[News] Memory Titans Vie for Control in HBM Tech, Who Will Shape the Next-Gen?

2023-12-08 Semiconductors editor

Market reports suggest Nvidia’s new product release cycle has shortened from two to a year, sparking intense competition among major memory companies in the realm of next-gen High Bandwidth Memory (HBM) technology. Samsung, SK Hynix, and Micron are fervently competing, with SK Hynix currently holding the dominant position in the HBM market. However, Micron and Samsung are strategically positioned, poised for a potential overtake, reported by TechNews.

Current Status of the HBM Industry

SK Hynix made a breakthrough in 2013 by successfully developing and mass-producing HBM using the Through Silicon Via (TSV) architecture. In 2019, they achieved success with HBM2E, maintaining the overwhelming advantage in the HBM market. According to the latest research from TrendForce, Nvidia plan to partner with more HBM suppliers. Samsung, as one of the suppliers, its HBM3 (24GB) is anticipated to complete verification with NVIDIA by December this year.

Regarding HBM3e progress, Micron, SK Hynix, and Samsung provided 8-layer (24GB) Nvidia samples in July, August, and October, respectively, with the fastest verification expected by year-end. All three major players anticipate completing verification in the first quarter of 2024.

As for HBM4, the earliest launch is expected in 2026, with a stack increase to 16 layers from the existing 12 layers. The memory stack will likely adopt a 2048-bit memory stack connection interface, driving demand for the new “Hybrid Bonding” stacking method. The 12-layer HBM4 product is set to launch in 2026, followed by the 16-layer product expected in 2027.

Navigating HBM4, the New Technologies and Roadmaps of Memory Industry Leaders

SK Hynix

According to reports from Business Korea, SK Hynix is preparing to adopt “2.5D Fan-Out” packaging for the next-generation HBM technology. This move aims to enhance performance and reduce packaging costs. This technology, not previously used in the memory industry but common in advanced semiconductor manufacturing, is seen as having the potential to “completely change the semiconductor and foundry industry.” SK Hynix plans to unveil research results using this packaging method as early as next year.

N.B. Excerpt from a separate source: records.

Definition elem_emb (A : Type) (c : rule_elem A) : nbelem A :=
  match c with ELit l => BLit (lit_emb l) | ENot l => BNot (lit_emb l) end.

Definition fact (A : Type) (x : natom A) : nrule A := NR (Some (NPos x)) [].

Definition closed_prog (A : Type) (P : nprogram A) : Prop :=
  (forall w S, occurs_in_prog (QLe w S) P ->
     (Rbar_le w (Finite 0) -> P (fact (QLe w S))) /\
     (forall S' c wm, S = S' ++ [(c, wm)] ->
        Rbar_lt (Finite 0) w -> Rbar_le w (Finite (wsum S)) ->
        P (NR (Some (NPos (QLe w S))) [BLit (NPos (QLe w S'))]) /\
        P (NR (Some (NPos (QLe w S)))
              [elem_emb c; BLit (NPos (QLe (Rbar_minus w (Finite wm)) S'))]))) /\
  (forall w S, occurs_in_prog (QLt w S) P ->
     (Rbar_lt w (Finite 0) -> P (fact (QLt w S))) /\
     (forall S' c wm, S = S' ++ [(c, wm)] ->
        Rbar_le (Finite 0) w -> Rbar_lt w (Finite (wsum S)) ->
        P (NR (Some (NPos (QLt w S))) [BLit (NPos (QLt w S'))]) /\
        P (NR (Some (NPos (QLt w S)))
              [elem_emb c; BLit (NPos (QLt (Rbar_minus w (Finite wm)) S'))]))).

Definition nn_constraint (A : Type) (C : wconstraint A) : list (nbelem A) :=
  [BLit (NPos (QLe (wc_lo C) (wc_expr C)));
   BNot (NPos (QLt (wc_hi C) (wc_expr C)))].

Definition nn_body (A : Type) (Cs : list (wconstraint A)) : list (nbelem A) :=
  flat_map (@nn_constraint A) Cs.

Definition base_rules (A : Type) (Om : wprogram A) (r : nrule A) : Prop :=
  exists rw, In rw Om /\
   let C0 := wr_head rw in
   let B := nn_body (wr_body rw) in
   ((exists l wl, In (ELit l, wl) (wc_expr C0) /\
       (r = NR (Some (NPos (QNot l))) [BNot (lit_emb l)] \/
        r = NR (Some (lit_emb l)) (BNot (NPos (QNot l)) :: B))) \/
    r = NR None (BNot (NPos (QLe (wc_lo C0) (wc_expr C0))) :: B) \/
    r = NR None (BLit (NPos (QLt (wc_hi C0) (wc_expr C0))) :: B)).

(** [Omega]^nn: the smallest closed program containing the base rules
    (intersection of all such programs; closedness is preserved by intersections) *)
Definition nn_translation (A : Type) (Om : wprogram A) : nprogram A :=
  fun r => forall P : nprogram A,
    closed_prog P -> (forall r', base_rules Om r' -> P r') -> P r.

From Stdlib Require Import Reals List Lia Lra ZArith.
From Coquelicot Require Import Rbar.
Import ListNotations.
Open Scope R_scope.
Set Implicit Arguments.
Unset Strict Implicit.

(* Every weight atom of [Omega]^nn has the form q_{L-j <= S} or q_{U-j < S},
   where L <= S_C <= U is a constraint of Omega, S is a prefix of S_C and the
   natural number j is at most the weight of the dropped suffix: the base rules
   only mention j = 0 and S = S_C, and each closure rule removes the last element
   (c_m = w_m) of S, leaving w unchanged or lowering it by the integer w_m.
   Hence the rules mentioning only such weight atoms form a closed program
   containing the base rules, and so contain [Omega]^nn.  Since the weights are
   integers, j takes fewer than W(C) + 1 values and S ranges over L(C) + 1
   prefixes, so K = 2 works. *)

Section Shifted_prefixes.

Variable A : Type.
Implicit Types (T S : wexpr A) (b w : Rbar).

Definition nat_weighted T : Prop := forall p, In p T -> exists m, snd p = INR m.

Definition Rbar_sub_nat b (j : nat) : Rbar := Rbar_minus b (Finite (INR j)).

Definition shifted_prefix T b w S : Prop :=
  exists S'' (j : nat), S ++ S'' = T /\ INR j <= wsum S'' /\ w = Rbar_sub_nat b j.

Lemma Rbar_sub_nat_0 b : Rbar_sub_nat b 0 = b.
Proof. destruct b; unfold Rbar_sub_nat, Rbar_minus; simpl; auto. f_equal; ring. Qed.

Lemma Rbar_sub_nat_add b j m :
  Rbar_minus (Rbar_sub_nat b j) (Finite (INR m)) = Rbar_sub_nat b (j + m).
Proof.
  destruct b; unfold Rbar_sub_nat, Rbar_minus; simpl; auto.
  rewrite plus_INR. f_equal; ring.
Qed.

Lemma wsum_app T T' : wsum (T ++ T') = wsum T + wsum T'.
Proof.
  induction T as [|p T IH]; simpl; [ring|].
  unfold wsum in *; simpl. rewrite IH; ring.
Qed.

Lemma wsum_cons p T : wsum (p :: T) = snd p + wsum T.
Proof. reflexivity. Qed.

Lemma nat_weighted_app T T' : nat_weighted (T ++ T') -> nat_weighted T /\ nat_weighted T'.
Proof. intros HT; split; intros p Hp; apply HT, in_or_app; auto. Qed.

Lemma wsum_nat_weighted_ge0 T : nat_weighted T -> 0 <= wsum T.
Proof.
  induction T as [|p T IH]; intros HT; [unfold wsum; simpl; lra|].
  rewrite wsum_cons.
  destruct (HT p (or_introl eq_refl)) as [m ->].
  assert (0 <= wsum T) by (apply IH; intros q Hq; apply HT; right; auto).
  pose proof (pos_INR m). lra.
Qed.

Lemma shifted_prefix_refl T b : shifted_prefix T b b T.
Proof.
  exists [], 0%nat. rewrite app_nil_r, Rbar_sub_nat_0.
  split; [|split]; auto. unfold wsum; simpl; lra.
Qed.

The 2.5D Fan-Out packaging technique involves arranging two DRAM horizontally and assembling them similar to regular chips. The absence of a substrate beneath the chips allows for thinner chips, significantly reducing the thickness when installed in IT equipment. Simultaneously, this technique bypasses the Through Silicon Via (TSV) process, providing more Input/Output (I/O) options and lowering costs. 

According to their previous plan, SK Hynix aims to mass-produce the sixth-generation HBM (HBM4) as early as 2026. The company is also actively researching “Hybrid Bonding” technology, likely to be applied to HBM4 products.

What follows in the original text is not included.